Write out the following listing in full, exactly as it reads.

==== Input for this task ====

Lemma phi_cvg (z : nat -> 'rV[R]_n) x :
  (forall j, enorm (z j - xbar) <= eps) -> enorm (x - xbar) <= eps ->
  z @ \oo --> x -> (fun j => phi (z j)) @ \oo --> phi x.
Proof.
move=> z_eps x_eps zx; apply/cvgrPdist_le => e e_gt0.
move/cvg_enormP/cvgrPdist_le : zx => /(_ (e / L) (divr_gt0 e_gt0 L_gt0)).
apply: filterS => j; rewrite sub0r normrN ger0_norm ?enorm_ge0 // => zj_x.
by rewrite (le_trans (phi_lip _ _)) // enormBC mulrC -ler_pdivlMr.
Qed.

Lemma penalty_cvg k (za zb : nat -> 'rV[R]_n) (zc : nat -> 'rV[R]_m) a b y :
  (forall j, admissible (za j) (zb j) (zc j)) -> enorm (b - xbar) <= eps ->
  za @ \oo --> a -> zb @ \oo --> b -> zc @ \oo --> y ->
  (fun j => penalty k (za j) (zb j) (zc j)) @ \oo --> penalty k a b y.
Proof.
move=> adm b_eps za_a zb_b zc_y.
have phib := phi_cvg (fun j => let: And4 _ _ zb_eps _ := adm j in zb_eps) b_eps zb_b.
apply: cvgD; last exact: cvg_edot_sqr (cvgB zb_b (cvg_cst _)).
apply: cvgD; last exact: cvgM (cvg_cst _) (cvg_edot_sqr (cvgB zc_y (cvg_cst _))).
exact: cvgD phib (cvgM (cvg_cst _) (cvg_edot_sqr (cvgB za_a zb_b))).
Qed.

Lemma penalty_minimizer k : exists t : 'rV[R]_n * 'rV[R]_n * 'rV[R]_m,
  admissible t.1.1 t.1.2 t.2 /\
  forall a z y, admissible a z y -> penalty k t.1.1 t.1.2 t.2 <= penalty k a z y.
Proof.
have [|||a [z [y min_azy]]] := @exists_minimizer _ _ _ _ admissible (penalty k)
  (enorm xbar + enorm ybar + eps) (phi xbar - L * eps) _ _ _ admissible_bar.
- move=> a z y [_ a_eps z_eps y_eps]; have := enorm_ge0 xbar; have := enorm_ge0 ybar.
  have := enorm_distD a xbar 0; have := enorm_distD z xbar 0; have := enorm_distD y ybar 0.
  by rewrite !subr0; split; lra.
- move=> a z y [_ _ z_eps _]; have := phi_lipB (x := xbar) (x' := z).
  rewrite subrr enorm0 (enormBC xbar) => /(_ (ltW eps_gt0) z_eps).
  have := mulr_ge0 (ltW (c_gt0 k)) (edot_ge0 (a - z)).
  have := mulr_ge0 (ltW (c_gt0 k)) (edot_ge0 (y - ybar)); have := edot_ge0 (z - xbar).
  have : L * enorm (z - xbar) <= L * eps by rewrite ler_wpM2l // ltW.
  rewrite /penalty; lra.
- move=> za zb zc a z y adm za_a zb_z zc_y.
  have z_eps : enorm (z - xbar) <= eps.
    by apply: (cvg_enorm_bound _ zb_z); apply: nearW => j; case: (adm j).
  split; last exact: penalty_cvg.
  split => //; first by apply: (closed_graph_cvg Phi_closed _ za_a zc_y) => j; case: (adm j).
    by apply: (cvg_enorm_bound _ za_a); apply: nearW => j; case: (adm j).
  by apply: (cvg_enorm_bound _ zc_y); apply: nearW => j; case: (adm j).
- by exists (a, z, y).
Qed.

Definition pmin k := sval (cid (penalty_minimizer k)).
Definition xk k := (pmin k).1.1.
Definition zk k := (pmin k).1.2.
Definition yk k := (pmin k).2.

Lemma admissible_pmin k : admissible (xk k) (zk k) (yk k).
Proof. by case: (svalP (cid (penalty_minimizer k))). Qed.

Lemma penalty_pmin_le k a z y : admissible a z y ->
  penalty k (xk k) (zk k) (yk k) <= penalty k a z y.
Proof. by case: (svalP (cid (penalty_minimizer k))) => _; exact. Qed.

Local Notation dk k := (enorm (xk k - zk k)).
Local Notation ak k := (enorm (zk k - xbar)).
Local Notation tk k := (enorm (xk k - xbar)).
Local Notation bk k := (enorm (yk k - ybar)).
Local Notation C := (L + 2 * eps).

Let C_gt0 : 0 < C. Proof. by rewrite addr_gt0 ?mulr_gt0. Qed.

Let ak_le k : ak k <= eps. Proof. by case: (admissible_pmin k). Qed.
Let tk_le k : tk k <= eps. Proof. by case: (admissible_pmin k). Qed.

Lemma penalty_pmin_bar k :
  phi (zk k) + c k * dk k ^+ 2 + c k * bk k ^+ 2 + ak k ^+ 2 <= phi xbar.
Proof.
rewrite !enorm_sqr; apply: le_trans (penalty_pmin_le k admissible_bar) _.
by rewrite /penalty !subrr !edot0l !mulr0 !addr0.
Qed.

====

(Task result)
Lemma phi_cvg (z : nat -> 'rV[R]_n) x :
  (forall j, enorm (z j - xbar) <= eps) -> enorm (x - xbar) <= eps ->
  z @ \oo --> x -> (fun j => phi (z j)) @ \oo --> phi x.
Proof.
move=> z_eps x_eps zx; apply/cvgrPdist_le => e e_gt0.
move/cvg_enormP/cvgrPdist_le : zx => /(_ (e / L) (divr_gt0 e_gt0 L_gt0)).
apply: filterS => j; rewrite sub0r normrN ger0_norm ?enorm_ge0 // => zj_x.
by rewrite (le_trans (phi_lip _ _)) // enormBC mulrC -ler_pdivlMr.
Qed.

Lemma penalty_cvg k (za zb : nat -> 'rV[R]_n) (zc : nat -> 'rV[R]_m) a b y :
  (forall j, admissible (za j) (zb j) (zc j)) -> enorm (b - xbar) <= eps ->
  za @ \oo --> a -> zb @ \oo --> b -> zc @ \oo --> y ->
  (fun j => penalty k (za j) (zb j) (zc j)) @ \oo --> penalty k a b y.
Proof.
move=> adm b_eps za_a zb_b zc_y.
have phib := phi_cvg (fun j => let: And4 _ _ zb_eps _ := adm j in zb_eps) b_eps zb_b.
apply: cvgD; last exact: cvg_edot_sqr (cvgB zb_b (cvg_cst _)).
apply: cvgD; last exact: cvgM (cvg_cst _) (cvg_edot_sqr (cvgB zc_y (cvg_cst _))).
exact: cvgD phib (cvgM (cvg_cst _) (cvg_edot_sqr (cvgB za_a zb_b))).
Qed.

Lemma penalty_minimizer k : exists t : 'rV[R]_n * 'rV[R]_n * 'rV[R]_m,
  admissible t.1.1 t.1.2 t.2 /\
  forall a z y, admissible a z y -> penalty k t.1.1 t.1.2 t.2 <= penalty k a z y.
Proof.
have [|||a [z [y min_azy]]] := @exists_minimizer _ _ _ _ admissible (penalty k)
  (enorm xbar + enorm ybar + eps) (phi xbar - L * eps) _ _ _ admissible_bar.
- move=> a z y [_ a_eps z_eps y_eps]; have := enorm_ge0 xbar; have := enorm_ge0 ybar.
  have := enorm_distD a xbar 0; have := enorm_distD z xbar 0; have := enorm_distD y ybar 0.
  by rewrite !subr0; split; lra.
- move=> a z y [_ _ z_eps _]; have := phi_lipB (x := xbar) (x' := z).
  rewrite subrr enorm0 (enormBC xbar) => /(_ (ltW eps_gt0) z_eps).
  have := mulr_ge0 (ltW (c_gt0 k)) (edot_ge0 (a - z)).
  have := mulr_ge0 (ltW (c_gt0 k)) (edot_ge0 (y - ybar)); have := edot_ge0 (z - xbar).
  have : L * enorm (z - xbar) <= L * eps by rewrite ler_wpM2l // ltW.
  rewrite /penalty; lra.
- move=> za zb zc a z y adm za_a zb_z zc_y.
  have z_eps : enorm (z - xbar) <= eps.
    by apply: (cvg_enorm_bound _ zb_z); apply: nearW => j; case: (adm j).
  split; last exact: penalty_cvg.
  split => //; first by apply: (closed_graph_cvg Phi_closed _ za_a zc_y) => j; case: (adm j).
    by apply: (cvg_enorm_bound _ za_a); apply: nearW => j; case: (adm j).
  by apply: (cvg_enorm_bound _ zc_y); apply: nearW => j; case: (adm j).
- by exists (a, z, y).
Qed.

Definition pmin k := sval (cid (penalty_minimizer k)).
Definition xk k := (pmin k).1.1.
Definition zk k := (pmin k).1.2.
Definition yk k := (pmin k).2.

Lemma admissible_pmin k : admissible (xk k) (zk k) (yk k).
Proof. by case: (svalP (cid (penalty_minimizer k))). Qed.

Lemma penalty_pmin_le k a z y : admissible a z y ->
  penalty k (xk k) (zk k) (yk k) <= penalty k a z y.
Proof. by case: (svalP (cid (penalty_minimizer k))) => _; exact. Qed.

Local Notation dk k := (enorm (xk k - zk k)).
Local Notation ak k := (enorm (zk k - xbar)).
Local Notation tk k := (enorm (xk k - xbar)).
Local Notation bk k := (enorm (yk k - ybar)).
Local Notation C := (L + 2 * eps).

Let C_gt0 : 0 < C. Proof. by rewrite addr_gt0 ?mulr_gt0. Qed.

Let ak_le k : ak k <= eps. Proof. by case: (admissible_pmin k). Qed.
Let tk_le k : tk k <= eps. Proof. by case: (admissible_pmin k). Qed.

Lemma penalty_pmin_bar k :
  phi (zk k) + c k * dk k ^+ 2 + c k * bk k ^+ 2 + ak k ^+ 2 <= phi xbar.
Proof.
rewrite !enorm_sqr; apply: le_trans (penalty_pmin_le k admissible_bar) _.
by rewrite /penalty !subrr !edot0l !mulr0 !addr0.
Qed.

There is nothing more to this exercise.